With the Left parties deciding to vote against the Pension Fund Regulatory and Development Authority (PFRDA) Bill, only the coming together of the UPA and NDA can help realise the new pension scheme. In the case of the Centre, the New Pension System (NPS) covers departments, posts, railways and autonomous organisations: everything except the armed forces.
In the case of states, the NPS covers departments, local governments, including panchayati raj institutions and autonomous organisations such as schools and colleges. Each state has chosen a different cut-off date, often with retrospective effect, after which new recruits are placed into the NPS.
The NPS might already cover one million people and it is their pension that will be at stake as political parties bicker.
States that have joined the NPS include Andhra Pradesh, Assam, Chhattisgarh, Jharkhand, Kerala, Manipur, Orissa, Punjab, Rajasthan and Himachal Pradesh and Tamil Nadu (which issued orders even before the Central government).
This diverse range of states highlights the non-partisan character of pension reforms. Only West Bengal has taken an explicit decision not to join the new scheme.

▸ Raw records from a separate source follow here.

(* Let $G$ be a finite abelian group and $G_0\subseteq G$. Then $c_{\mathrm{gr}}(\mathcal{B}(G_0))\le2\,\mathsf{d}(G_0)+2\le2\,\mathsf{D}(G)\le2|G|$.
   Context: $G$ is written multiplicatively. $\mathcal{B}(G_0)=\{\alpha\in\mathbb{N}_0^{G_0}\mid\prod_{g\in G_0}g^{\alpha(g)}=1\}$, graded by $|\alpha|=\sum_g\alpha(g)$; it is a connected graded reduced affine monoid with finite atom set $\mathcal{A}(\mathcal{B}(G_0))$. Graded catenary degree: for $\alpha,\gamma\in\mathbb{N}_0^{\mathcal{A}}$ ($\mathcal{A}=\mathcal{A}(\mathcal{B}(G_0))$) let $a^{\alpha}=\sum_a\alpha(a)a$, $|\alpha|_{\mathrm{gr}}=\sum_a\alpha(a)|a|$, $\gcd(\alpha,\gamma)(a)=\min\{\alpha(a),\gamma(a)\}$, $d_{\mathrm{gr}}(\alpha,\gamma)=\max\{|\alpha-\gcd|_{\mathrm{gr}},|\gamma-\gcd|_{\mathrm{gr}}\}$; $c_{\mathrm{gr}}$ is the minimal $d$ such that whenever $a^{\alpha}=a^{\gamma}$ there is a chain $\alpha=\alpha^{(0)},\dots,\alpha^{(k)}=\gamma$ with $a^{\alpha^{(j)}}=a^{\alpha^{(j+1)}}$ and $d_{\mathrm{gr}}(\alpha^{(j)},\alpha^{(j+1)})\le d$. $\mathsf{d}(G_0)$ is the maximal length of a sequence over $G_0$ containing no nonempty product-one subsequence (equivalently the maximal $|\alpha|$, $\alpha\in\mathbb{N}_0^{G_0}$, with no atom $\gamma$ of $\mathcal{B}(G_0)$ satisfying $\gamma\le\alpha$ pointwise). $\mathsf{D}(G)=\max\{|\alpha|:\alpha\in\mathcal{A}(\mathcal{B}(G))\}$ is the Davenport constant. *)

From mathcomp Require Import all_boot all_fingroup.
Set Implicit Arguments. Unset Strict Implicit. Unset Printing Implicit Defensive.

Section Defs.
Variable gT : finGroupType.

(* A sequence over gT as a multiplicity function alpha : gT -> N_0. *)
Definition seqT := {ffun gT -> nat}.

Definition gsize (a : seqT) : nat := \sum_(g : gT) a g.

Definition over (G0 : {set gT}) (a : seqT) : Prop := forall g, g \notin G0 -> a g = 0.

(* product of alpha: prod_g g^(alpha g) (the group is abelian on the support) *)
Definition seqprod (a : seqT) : gT := (\prod_(g : gT) g ^+ a g)%g.

Definition inB (G0 : {set gT}) (a : seqT) : Prop := over G0 a /\ seqprod a = 1%g.

Definition seq_le (b a : seqT) : Prop := forall g, b g <= a g.
Definition is_zero (a : seqT) : Prop := forall g, a g = 0.

Definition atomB (G0 : {set gT}) (a : seqT) : Prop :=
  inB G0 a /\ ~ is_zero a /\
  forall b c : seqT, inB G0 b -> inB G0 c -> (forall g, a g = b g + c g) ->
    is_zero b \/ is_zero c.

(* a factorization of alpha: a finite multiset of atoms (a seq) summing to alpha *)
Definition factorization (G0 : {set gT}) (a : seqT) (z : seq seqT) : Prop :=
  (forall x, x \in z -> atomB G0 x) /\ (forall g, a g = \sum_(x <- z) x g).

(* |z - gcd(z,z')|_gr *)
Definition rem_len (z z' : seq seqT) : nat :=
  \sum_(x <- undup z) (count_mem x z - count_mem x z') * gsize x.

Definition d_gr (z z' : seq seqT) : nat := maxn (rem_len z z') (rem_len z' z).

Definition gr_catenary (G0 : {set gT}) (d : nat) : Prop :=
  forall (a : seqT) (z z' : seq seqT),
    factorization G0 a z -> factorization G0 a z' ->
    exists (k : nat) (w : nat -> seq seqT),
      [/\ w 0 = z, w k = z',
          (forall j, j <= k -> factorization G0 a (w j)) &
          (forall j, j < k -> d_gr (w j) (w j.+1) <= d)].

Definition is_cgr (G0 : {set gT}) (c : nat) : Prop :=
  gr_catenary G0 c /\ forall d, gr_catenary G0 d -> c <= d.

Definition zs_free (G0 : {set gT}) (a : seqT) : Prop :=
  over G0 a /\ forall b : seqT, seq_le b a -> seqprod b = 1%g -> is_zero b.

Definition is_small_d (G0 : {set gT}) (n : nat) : Prop :=
  (exists a, zs_free G0 a /\ gsize a = n) /\
  (forall a, zs_free G0 a -> gsize a <= n).

Definition is_davenport (G : {set gT}) (n : nat) : Prop :=
  (exists a, atomB G a /\ gsize a = n) /\
  (forall a, atomB G a -> gsize a <= n).

End Defs.

From Pilot Require Import Defs.
From mathcomp Require Import all_boot all_fingroup.
From mathcomp Require Import zify.
From Stdlib Require Import Classical.
Set Implicit Arguments. Unset Strict Implicit. Unset Printing Implicit Defensive.

(* Let d bound the length of zero-sum free sequences over G0; then every atom has
   length at most d + 1 and every sequence of length d + 1 contains an atom.
   Two factorizations of a are chained by strong induction on |a|.  If
   |a| <= 2d + 2, one step suffices.  Otherwise it is enough to link atoms x, x'
   of a, i.e. to chain any factorization containing x to any containing x'
   (factorizations sharing an atom are chained by induction on a - x).  If x + x'
   fits in a, both occur in one factorization.  If not, since |a| > 2d + 2 the
   complements a - x and a - x' contain atoms t, t' of length at most d + 1
   whose overlap in a is strictly smaller than that of x and x', and x ~ t ~ t'
   ~ x' by induction on the overlap.  Finally d < D because appending the
   inverse of its product to a zero-sum free sequence gives an atom, and
   D <= |G| by the pigeonhole principle on the prefix products of a sequence. *)

Section SeqArithmetic.
Variable gT : finGroupType.
Implicit Types (a b c x y V W : seqT gT) (u : gT).

Definition seq0 : seqT gT := [ffun=> 0].
Definition seq1 u : seqT gT := [ffun g => nat_of_bool (g == u)].
Definition seq_add a b : seqT gT := [ffun g => a g + b g].
Definition seq_diff a b : seqT gT := [ffun g => a g - b g].
Definition seq_sum (z : seq (seqT gT)) : seqT gT := [ffun g => \sum_(x <- z) x g].
Definition overlap a x y : seqT gT := [ffun g => x g + y g - a g].

(* Unlike a bare [ffunP], this leaves both sides of each pointwise goal with the
   same form of [_ g], which [lia] needs to identify them as one atom. *)
Lemma seq_ext a b : (forall g, a g = b g) -> a = b.
Proof. by move=> eq_ab; apply/ffunP. Qed.

Lemma seq_le_refl a : seq_le a a.
Proof. by []. Qed.

Lemma seq_le_trans a b c : seq_le a b -> seq_le b c -> seq_le a c.
Proof. by move=> le_ab le_bc g; apply: leq_trans (le_ab g) (le_bc g). Qed.

Lemma seq_le_diff a b : seq_le (seq_diff a b) a.
Proof. by move=> g; rewrite ffunE leq_subr. Qed.

Lemma seq1_le u a : 0 < a u -> seq_le (seq1 u) a.
Proof. by move=> au_gt0 g; rewrite ffunE; case: eqP => // ->. Qed.

Lemma seq_diffK a b : seq_le b a -> seq_add b (seq_diff a b) = a.
Proof. by move=> le_ba; apply: seq_ext => g; rewrite !ffunE subnKC. Qed.

Lemma seq_sum_nil : seq_sum [::] = seq0.
Proof. by apply: seq_ext => g; rewrite !ffunE big_nil. Qed.

Lemma seq_sum_cons x z : seq_sum (x :: z) = seq_add x (seq_sum z).
Proof. by apply: seq_ext => g; rewrite !ffunE big_cons. Qed.

Lemma gsize_add a b : gsize (seq_add a b) = gsize a + gsize b.
Proof. by rewrite /gsize -big_split; apply: eq_bigr => g _; rewrite ffunE. Qed.

Lemma gsize_diff a b : seq_le b a -> gsize (seq_diff a b) = gsize a - gsize b.
Proof. by move=> le_ba; rewrite -{2}(seq_diffK le_ba) gsize_add addKn. Qed.

Lemma leq_gsize a b : seq_le b a -> gsize b <= gsize a.
Proof. by move=> le_ba; apply: leq_sum => g _. Qed.

Lemma gsize0 : gsize seq0 = 0.
Proof. by rewrite /gsize big1 // => g _; rewrite ffunE. Qed.

Lemma gsize1 u : gsize (seq1 u) = 1.
Proof.
rewrite /gsize (bigD1 u) //= big1 ?ffunE ?eqxx // => g /negbTE gu.
by rewrite ffunE gu.
Qed.

Lemma gsize_sum z : gsize (seq_sum z) = \sum_(x <- z) gsize x.
Proof.
elim: z => [|x z IHz]; first by rewrite seq_sum_nil gsize0 big_nil.
by rewrite seq_sum_cons gsize_add IHz big_cons.
Qed.

Lemma gsize_eq0 a : gsize a = 0 <-> is_zero a.
Proof.
split=> [/eqP | a0]; last by rewrite /gsize big1.
by rewrite sum_nat_eq0 => /forallP a0 g; apply/eqP; apply: a0.
Qed.

Lemma gsize_gt0 a : ~ is_zero a -> 0 < gsize a.
Proof. by move=> a_nz; rewrite lt0n; apply/eqP => /gsize_eq0. Qed.

Lemma nonzero_support a : ~ is_zero a -> exists g, 0 < a g.
Proof.
move=> a_nz; apply: NNPP => no_support; apply: a_nz => g.
by apply/eqP; rewrite -leqn0 leqNgt; apply/negP => ag; apply: no_support; exists g.
Qed.

Lemma seq_le_gsize_exists W n : n <= gsize W -> exists V, seq_le V W /\ gsize V = n.
Proof.
elim: n => [|n IHn] n_le.
  by exists seq0; split; [move=> g; rewrite ffunE | exact: gsize0].
have [V [le_VW szV]] := IHn (ltnW n_le).
have [g ltVW] : exists g, V g < W g.
  apply: NNPP => V_full; suff : gsize W <= gsize V by lia.
  apply: leq_gsize => g; rewrite leqNgt; apply/negP => ?; by apply: V_full; exists g.
exists (seq_add V (seq1 g)); rewrite gsize_add gsize1 szV addn1; split=> // h.
by rewrite !ffunE; case: eqP => [->|_]; [rewrite addn1 | rewrite addn0 le_VW].
Qed.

The decision by states to join up is being taken in view of the mounting pension payments to state employees that’s eating into state developmental expenditure. This has declined from 68 per cent to 54 per cent of total state expenditure in the last twenty years, as pension payments have risen from 5 per cent to 9 per cent.
This sharp increase in pension expenditure has also led to a slow down in recruitment as states try to bring down their pension liablities. The pension bill of Centre and states has risen from 0.76 per cent of GDP in 1987-88 to 1.64 per cent of GDP in 2004-05.
If pension reform is scuttled, this fiscal challenge will continue to dog the country’s public finance. Many state governments have delayed pension payments, given the fiscal stress.
The NPS is a defined contribution system, where each employee holds a personal account maintained in a central database, regulated by a pensions regulator. The employee will have a choice between multiple investment styles and multiple competing fund managers.
Under the new scheme, the burden of pension payment from the government is defined as the payment made every month by the government into the individual’s personal pension account. Under the existing system, pension liabilities of the government were growing with rising life expectancy and number of employees retiring.
In the emerging fiscal crisis, it may not have been possible to pay these pensions. New recruits, therefore, find the NPS to be a more credible promise about their old age security. The system is being opposed by trade unions in the organised sector whose members are covered by the EPFO, who are in no way impacted by the new system.